● Your objective: Please quote only the lines that start at the one with "From mathcomp Require Import all_boot all_order" and go on to the last line of the data, both ends kept.

Stored data entries:
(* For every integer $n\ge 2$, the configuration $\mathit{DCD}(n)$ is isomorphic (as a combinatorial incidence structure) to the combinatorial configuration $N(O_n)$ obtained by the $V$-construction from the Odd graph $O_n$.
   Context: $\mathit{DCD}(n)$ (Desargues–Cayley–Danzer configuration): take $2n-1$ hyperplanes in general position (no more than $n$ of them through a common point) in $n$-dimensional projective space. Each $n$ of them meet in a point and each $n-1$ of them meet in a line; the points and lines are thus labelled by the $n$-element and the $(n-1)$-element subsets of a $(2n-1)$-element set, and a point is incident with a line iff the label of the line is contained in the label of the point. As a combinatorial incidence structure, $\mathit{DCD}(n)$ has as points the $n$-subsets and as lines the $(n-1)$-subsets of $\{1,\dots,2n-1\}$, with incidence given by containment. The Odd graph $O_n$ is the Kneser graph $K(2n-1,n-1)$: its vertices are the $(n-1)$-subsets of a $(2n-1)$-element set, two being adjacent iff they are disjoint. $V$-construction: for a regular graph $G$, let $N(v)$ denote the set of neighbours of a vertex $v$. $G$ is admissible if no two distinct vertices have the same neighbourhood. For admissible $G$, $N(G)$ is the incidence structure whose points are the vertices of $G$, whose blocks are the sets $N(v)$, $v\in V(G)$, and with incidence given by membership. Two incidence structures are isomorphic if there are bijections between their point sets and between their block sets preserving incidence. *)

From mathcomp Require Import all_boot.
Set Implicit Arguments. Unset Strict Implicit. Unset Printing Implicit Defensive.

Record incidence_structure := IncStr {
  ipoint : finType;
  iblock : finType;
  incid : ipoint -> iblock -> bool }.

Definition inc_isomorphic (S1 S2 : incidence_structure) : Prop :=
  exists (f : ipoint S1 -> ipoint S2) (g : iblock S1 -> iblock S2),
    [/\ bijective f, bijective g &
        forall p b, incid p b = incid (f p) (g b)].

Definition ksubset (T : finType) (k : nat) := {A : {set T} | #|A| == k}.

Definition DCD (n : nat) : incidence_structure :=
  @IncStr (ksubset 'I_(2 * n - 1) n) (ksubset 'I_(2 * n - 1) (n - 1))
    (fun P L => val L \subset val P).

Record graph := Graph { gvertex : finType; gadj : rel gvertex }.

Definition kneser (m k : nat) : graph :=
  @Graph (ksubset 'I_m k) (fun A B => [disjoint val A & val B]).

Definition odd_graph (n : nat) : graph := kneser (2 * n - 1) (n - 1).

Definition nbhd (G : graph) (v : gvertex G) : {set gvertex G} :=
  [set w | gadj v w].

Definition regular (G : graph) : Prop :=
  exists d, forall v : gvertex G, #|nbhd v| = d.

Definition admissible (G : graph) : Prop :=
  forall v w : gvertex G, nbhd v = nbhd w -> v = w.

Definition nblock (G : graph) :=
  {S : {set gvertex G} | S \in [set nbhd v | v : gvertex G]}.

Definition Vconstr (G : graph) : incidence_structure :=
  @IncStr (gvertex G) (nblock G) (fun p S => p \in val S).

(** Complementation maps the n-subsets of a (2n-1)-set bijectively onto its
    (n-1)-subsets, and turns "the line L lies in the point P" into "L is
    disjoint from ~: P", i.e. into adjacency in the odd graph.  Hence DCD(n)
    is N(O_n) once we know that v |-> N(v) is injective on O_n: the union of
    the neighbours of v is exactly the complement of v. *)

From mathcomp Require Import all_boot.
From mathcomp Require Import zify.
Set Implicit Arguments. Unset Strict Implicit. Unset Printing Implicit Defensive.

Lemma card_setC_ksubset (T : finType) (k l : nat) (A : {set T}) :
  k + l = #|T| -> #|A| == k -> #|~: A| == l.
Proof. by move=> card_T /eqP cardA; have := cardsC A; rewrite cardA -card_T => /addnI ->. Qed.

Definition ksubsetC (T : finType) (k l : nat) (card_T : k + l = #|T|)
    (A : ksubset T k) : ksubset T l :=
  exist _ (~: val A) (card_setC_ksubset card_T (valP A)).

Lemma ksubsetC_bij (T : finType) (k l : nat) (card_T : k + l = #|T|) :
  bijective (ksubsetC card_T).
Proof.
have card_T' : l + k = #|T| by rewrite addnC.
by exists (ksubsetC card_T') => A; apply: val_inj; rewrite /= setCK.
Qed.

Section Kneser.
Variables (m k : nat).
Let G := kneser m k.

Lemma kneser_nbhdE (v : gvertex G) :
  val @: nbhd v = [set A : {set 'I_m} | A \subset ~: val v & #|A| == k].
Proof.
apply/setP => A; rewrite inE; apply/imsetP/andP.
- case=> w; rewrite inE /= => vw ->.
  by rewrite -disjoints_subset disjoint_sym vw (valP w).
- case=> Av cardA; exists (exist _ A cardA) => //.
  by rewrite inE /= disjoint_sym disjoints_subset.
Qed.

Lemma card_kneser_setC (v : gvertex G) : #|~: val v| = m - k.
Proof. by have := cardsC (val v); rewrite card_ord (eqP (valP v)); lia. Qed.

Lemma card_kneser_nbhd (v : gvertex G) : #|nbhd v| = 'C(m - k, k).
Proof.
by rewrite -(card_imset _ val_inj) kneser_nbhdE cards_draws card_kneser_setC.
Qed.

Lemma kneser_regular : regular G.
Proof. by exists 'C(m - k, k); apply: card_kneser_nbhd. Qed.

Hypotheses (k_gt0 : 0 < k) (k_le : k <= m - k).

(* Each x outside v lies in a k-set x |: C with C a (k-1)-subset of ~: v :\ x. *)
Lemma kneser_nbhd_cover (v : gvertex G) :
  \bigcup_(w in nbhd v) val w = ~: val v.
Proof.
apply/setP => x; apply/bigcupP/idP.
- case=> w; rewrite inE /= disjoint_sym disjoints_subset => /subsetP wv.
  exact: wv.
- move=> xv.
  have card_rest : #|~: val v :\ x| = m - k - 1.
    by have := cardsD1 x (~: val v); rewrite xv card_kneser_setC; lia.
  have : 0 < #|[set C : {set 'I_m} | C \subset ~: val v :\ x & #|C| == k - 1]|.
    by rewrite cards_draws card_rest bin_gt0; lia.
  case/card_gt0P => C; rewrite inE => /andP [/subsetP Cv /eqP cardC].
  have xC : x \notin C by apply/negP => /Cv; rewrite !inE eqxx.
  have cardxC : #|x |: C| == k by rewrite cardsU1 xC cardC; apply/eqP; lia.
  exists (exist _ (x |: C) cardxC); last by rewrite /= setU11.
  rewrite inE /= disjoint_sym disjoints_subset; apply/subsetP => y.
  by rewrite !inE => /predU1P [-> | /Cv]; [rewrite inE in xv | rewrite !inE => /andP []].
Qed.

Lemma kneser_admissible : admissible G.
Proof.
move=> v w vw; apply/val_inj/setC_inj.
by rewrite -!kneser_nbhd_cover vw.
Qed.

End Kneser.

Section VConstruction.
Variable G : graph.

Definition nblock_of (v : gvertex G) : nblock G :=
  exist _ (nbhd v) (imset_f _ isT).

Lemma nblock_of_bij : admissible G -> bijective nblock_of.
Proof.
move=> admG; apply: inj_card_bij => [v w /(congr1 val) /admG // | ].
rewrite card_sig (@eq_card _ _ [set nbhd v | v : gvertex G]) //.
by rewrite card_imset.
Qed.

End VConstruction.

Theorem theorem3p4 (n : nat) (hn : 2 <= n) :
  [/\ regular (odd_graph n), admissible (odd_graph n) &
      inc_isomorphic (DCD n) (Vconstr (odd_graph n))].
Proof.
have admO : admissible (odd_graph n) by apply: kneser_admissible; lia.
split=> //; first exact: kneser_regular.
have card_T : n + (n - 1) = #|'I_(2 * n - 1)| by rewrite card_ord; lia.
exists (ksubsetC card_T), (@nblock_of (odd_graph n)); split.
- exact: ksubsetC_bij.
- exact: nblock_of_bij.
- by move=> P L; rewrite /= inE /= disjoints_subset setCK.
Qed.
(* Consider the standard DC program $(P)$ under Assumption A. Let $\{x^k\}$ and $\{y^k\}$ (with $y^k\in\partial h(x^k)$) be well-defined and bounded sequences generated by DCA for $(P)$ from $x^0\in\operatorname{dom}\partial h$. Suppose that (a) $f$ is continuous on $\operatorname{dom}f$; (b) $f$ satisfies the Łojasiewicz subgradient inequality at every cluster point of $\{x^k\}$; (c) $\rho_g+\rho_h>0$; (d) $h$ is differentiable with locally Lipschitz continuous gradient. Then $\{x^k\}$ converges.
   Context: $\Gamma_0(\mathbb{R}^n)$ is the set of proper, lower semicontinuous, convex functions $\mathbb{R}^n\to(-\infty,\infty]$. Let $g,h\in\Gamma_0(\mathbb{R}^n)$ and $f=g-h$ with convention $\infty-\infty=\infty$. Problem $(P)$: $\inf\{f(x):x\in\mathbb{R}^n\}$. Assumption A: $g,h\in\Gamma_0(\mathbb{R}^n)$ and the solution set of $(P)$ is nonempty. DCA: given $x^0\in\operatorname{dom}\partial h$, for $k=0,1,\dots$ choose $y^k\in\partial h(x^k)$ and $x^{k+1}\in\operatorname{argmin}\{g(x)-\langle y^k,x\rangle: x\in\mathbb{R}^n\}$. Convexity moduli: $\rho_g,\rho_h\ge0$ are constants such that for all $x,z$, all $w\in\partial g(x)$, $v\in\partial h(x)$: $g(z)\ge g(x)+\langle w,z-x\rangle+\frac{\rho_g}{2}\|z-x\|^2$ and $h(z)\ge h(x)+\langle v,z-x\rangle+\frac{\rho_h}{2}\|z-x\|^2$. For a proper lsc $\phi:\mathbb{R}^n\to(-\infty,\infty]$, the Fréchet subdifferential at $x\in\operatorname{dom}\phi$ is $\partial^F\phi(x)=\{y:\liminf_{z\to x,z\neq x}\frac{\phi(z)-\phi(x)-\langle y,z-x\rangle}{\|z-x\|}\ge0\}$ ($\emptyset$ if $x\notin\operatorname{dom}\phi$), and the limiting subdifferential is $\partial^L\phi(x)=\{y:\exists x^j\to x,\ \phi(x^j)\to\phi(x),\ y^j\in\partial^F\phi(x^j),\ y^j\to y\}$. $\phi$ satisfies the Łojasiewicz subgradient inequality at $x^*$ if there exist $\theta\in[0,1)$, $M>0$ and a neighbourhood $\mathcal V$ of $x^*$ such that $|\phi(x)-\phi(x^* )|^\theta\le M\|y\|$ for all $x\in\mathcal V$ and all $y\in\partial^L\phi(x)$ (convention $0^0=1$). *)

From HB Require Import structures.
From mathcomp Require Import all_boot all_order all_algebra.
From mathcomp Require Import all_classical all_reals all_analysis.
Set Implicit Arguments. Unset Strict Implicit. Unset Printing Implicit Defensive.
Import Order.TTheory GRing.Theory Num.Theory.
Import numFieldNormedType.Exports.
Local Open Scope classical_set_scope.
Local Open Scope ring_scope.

● Task solution:
From mathcomp Require Import all_boot all_order all_algebra.
From mathcomp Require Import all_classical all_reals all_analysis.
Set Implicit Arguments. Unset Strict Implicit. Unset Printing Implicit Defensive.
Import Order.TTheory GRing.Theory Num.Theory.
Import numFieldNormedType.Exports.
Local Open Scope classical_set_scope.
Local Open Scope ring_scope.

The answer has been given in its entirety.